Business opportunities for notified bodies under the CRA

There are significant business opportunities for notified bodies, as there may be a large number of products across Europe requiring assessment. Insufficient assessment capacity poses a risk to products entering the market. 

The provisions relating to notified bodies become applicable 18 months after the regulation enters into force, i.e. on 11 June 2026. 

This page describes how a conformity assessment body can apply for designation as a notified body under the European Union’s Cyber Resilience Act (EU) 2024/2847 (CRA). We will supplement these pages with more detailed guidance as the requirements are clarified.

How to apply to become a notified body under the CRA

Approval as a notified body requires the organisation to meet all applicable requirements of EU legislation and standards. Compliance is demonstrated through a two-stage procedure consisting of: 

1. accreditation, i.e. recognition of competence, and 
2. a review by the notifying authority.

Accreditation means a third-party recognition of competence by a national accreditation body confirming that a conformity assessment body meets the applicable requirements laid down in harmonised standards. Accreditation is regulated by Regulation (EC) No 765/2008 of the European Parliament and of the Council (NLF Regulation). According to the NLF Regulation, accreditation is the primary means of demonstrating the competence of a notified body. In Finland, the national accreditation body is FINAS.

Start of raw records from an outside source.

(* Let $n\ge 2k+1$, $k\ge1$, and let $U=(u_0,u_1,\dots,u_i)$ be a path in $J(n;k,k+1)$. Then: (i) if $i=3$, there is exactly one cycle of length $6$ in $J(n;k,k+1)$ containing $U$; (ii) if $i=2$ and $u_2\in V_1$, there are exactly $n-k-1$ cycles of length $6$ containing $U$; (iii) if $i=2$ and $u_2\in V_2$, there are exactly $k$ cycles of length $6$ containing $U$; (iv) if $i=1$, there are exactly $k(n-k-1)$ cycles of length $6$ containing $U$.
   Context: The doubled Johnson graph $J(n;k,k+1)$ is the bipartite graph with vertex set $V_1\cup V_2$, where $V_1=\binom{[n]}{k}$ and $V_2=\binom{[n]}{k+1}$ are the sets of $k$-subsets and $(k+1)$-subsets of $[n]=\{1,\dots,n\}$, and two vertices $u,v$ are adjacent iff $u\subset v$ or $v\subset u$. A path $(u_0,\dots,u_i)$ is a sequence of distinct vertices with consecutive ones adjacent; a cycle contains the path if it contains all its vertices and edges. *)

From mathcomp Require Import all_boot.
Set Implicit Arguments. Unset Strict Implicit. Unset Printing Implicit Defensive.

Definition inV1 (n k : nat) (u : {set 'I_n}) : bool := #|u| == k.
Definition inV2 (n k : nat) (u : {set 'I_n}) : bool := #|u| == k.+1.
Definition jvert (n k : nat) (u : {set 'I_n}) : bool := inV1 k u || inV2 k u.

Definition jadj (n k : nat) : rel {set 'I_n} := fun u v =>
  (inV1 k u && inV2 k v && (u \subset v)) || (inV2 k u && inV1 k v && (v \subset u)).

Definition jpath (n k : nat) (p : seq {set 'I_n}) : bool :=
  match p with
  | [::] => false
  | x :: s => [&& all (@jvert n k) p, uniq p & path (@jadj n k) x s]
  end.

Definition path_edges (n : nat) (p : seq {set 'I_n}) : {set {set {set 'I_n}}} :=
  [set:: [seq [set e.1; e.2] | e <- zip p (behead p)]].

Definition cycle_edges (n : nat) (c : seq {set 'I_n}) : {set {set {set 'I_n}}} :=
  match c with
  | [::] => set0
  | x :: _ => path_edges (rcons c x)
  end.

(* A cycle of length 6 in J(n;k,k+1), identified with its edge set E (so
   rotations/reflections of the vertex sequence give the same cycle), which
   contains the path U (all its vertices and all its edges). *)
Definition six_cycle_containing (n k : nat) (U : seq {set 'I_n})
    (E : {set {set {set 'I_n}}}) : bool :=
  [exists c : 6.-tuple {set 'I_n},
    [&& all (@jvert n k) c, uniq c, cycle (@jadj n k) c,
        E == cycle_edges c,
        all (fun u => u \in c) U & path_edges U \subset E]].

A review by the notifying authority refers to the information and documents submitted by the conformity assessment body in its application, on the basis of which the authority can make a decision. An application to become a notified body is therefore submitted to the notifying authority. When making its decision, the notifying authority relies on the accreditation carried out by the FINAS accreditation service. 

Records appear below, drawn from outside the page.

(* Let $X$ be a Banach space and $(x_n)_{n\in\mathbb{N}}$ a sequence in $X$ with $\liminf_n \|x_n\|=0$, and let $\mathcal{I}$ be an ideal on $\mathbb{N}$ with the Baire property. Suppose that there exists $s\in S$ such that $\left(\sum_{i=1}^n x_{s(i)}\right)_n$ is unbounded (equivalently, there exists $p\in P$ such that $\left(\sum_{i=1}^n x_{p(i)}\right)_n$ is unbounded). Then the sets $E(\mathcal{I},(x_n))=\left\{s \in S : \left(\sum_{i=1}^n x_{s(i)}\right)_n \text{ is } \mathcal{I}\text{-bounded}\right\}$ and $F(\mathcal{I},(x_n))=\left\{p \in P : \left(\sum_{i=1}^n x_{p(i)}\right)_n \text{ is } \mathcal{I}\text{-bounded}\right\}$ are meager in $S$ and $P$, respectively.
   Context: An ideal on $\mathbb{N}$ is a family $\mathcal{I}\subset \mathcal{P}(\mathbb{N})$ with $\emptyset\in\mathcal{I}$, closed under finite unions and subsets, with $\mathbb{N}\notin\mathcal{I}$ and containing all finite subsets of $\mathbb{N}$. Identifying $\mathcal{P}(\mathbb{N})$ with $\{0,1\}^{\mathbb{N}}$ (product topology), $\mathcal{I}$ has the Baire property if it is the symmetric difference of an open set and a meager set. A sequence $(y_n)$ in a normed space is $\mathcal{I}$-bounded if there is $M>0$ with $\{n\in\mathbb{N} : \|y_n\|>M\}\in\mathcal{I}$. $S=\{s\in\mathbb{N}^{\mathbb{N}} : s \text{ strictly increasing}\}$, $P=\{p\in\mathbb{N}^{\mathbb{N}} : p \text{ a bijection of }\mathbb{N}\}$, with the subspace topology of $\mathbb{N}^{\mathbb{N}}$ (product of discrete spaces). *)

From HB Require Import structures.
From mathcomp Require Import all_boot all_order all_algebra.
From mathcomp Require Import all_classical all_reals all_analysis.
Set Implicit Arguments. Unset Strict Implicit. Unset Printing Implicit Defensive.
Import Order.TTheory GRing.Theory Num.Theory.
Import numFieldNormedType.Exports.
Local Open Scope classical_set_scope.
Local Open Scope ring_scope.

Definition nowhere_dense {T : topologicalType} (A : set T) : Prop :=
  interior (closure A) = set0.

Definition meager {T : topologicalType} (A : set T) : Prop :=
  exists F : (set T)^nat, (forall n, nowhere_dense (F n)) /\ A `<=` \bigcup_n F n.

Definition is_ideal (I : set (set nat)) : Prop :=
  [/\ I set0,
      (forall A B, I A -> I B -> I (A `|` B)),
      (forall A B, B `<=` A -> I A -> I B),
      ~ I setT &
      (forall A, finite_set A -> I A)].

The notifying authority is responsible for entering the details of notified bodies into the NANDO database maintained by the European Commission. The notification procedure is further specified in Article 43 of the CRA. The notifying authority monitors the activities of notified bodies.

The national implementation of the CRA is under way. The implementation will set out, among other things, the official duties under the CRA, such as those of the notifying authority. The progress of the implementation can be followed via the gateway to information on government projects (“hankeikkuna” in Finnish). 

Requirements for a notified body

A notified body must meet: 

1. The competence requirements laid down for accreditation, and 
2. The obligations set out in the CRA. These obligations are laid down in Articles 39, 49 and 51 and in Annex VIII of the CRA. 
3. In Finland, the tasks of notified bodies are considered a public administrative duty, meaning that the notified body must comply with the general laws governing public administration. 

The personnel of a notified body are required to have appropriate knowledge and understanding of the essential cybersecurity requirements laid down in Annex I to the CRA, the applicable harmonised standards and common specifications, as well as the relevant provisions of Union harmonisation legislation and implementing acts.

CEN-CENELEC and ETSI have launched the preparation of harmonised standards under the CRA. Companies have the opportunity to participate in the standardisation work, which is a good way to influence the requirements and prepare for the activities of a notified body. 

In Finland, standardisation is coordinated by Finnish Standards (SFS), Sesko and Traficom. It is important to note that participation in standardisation work may be subject to fees.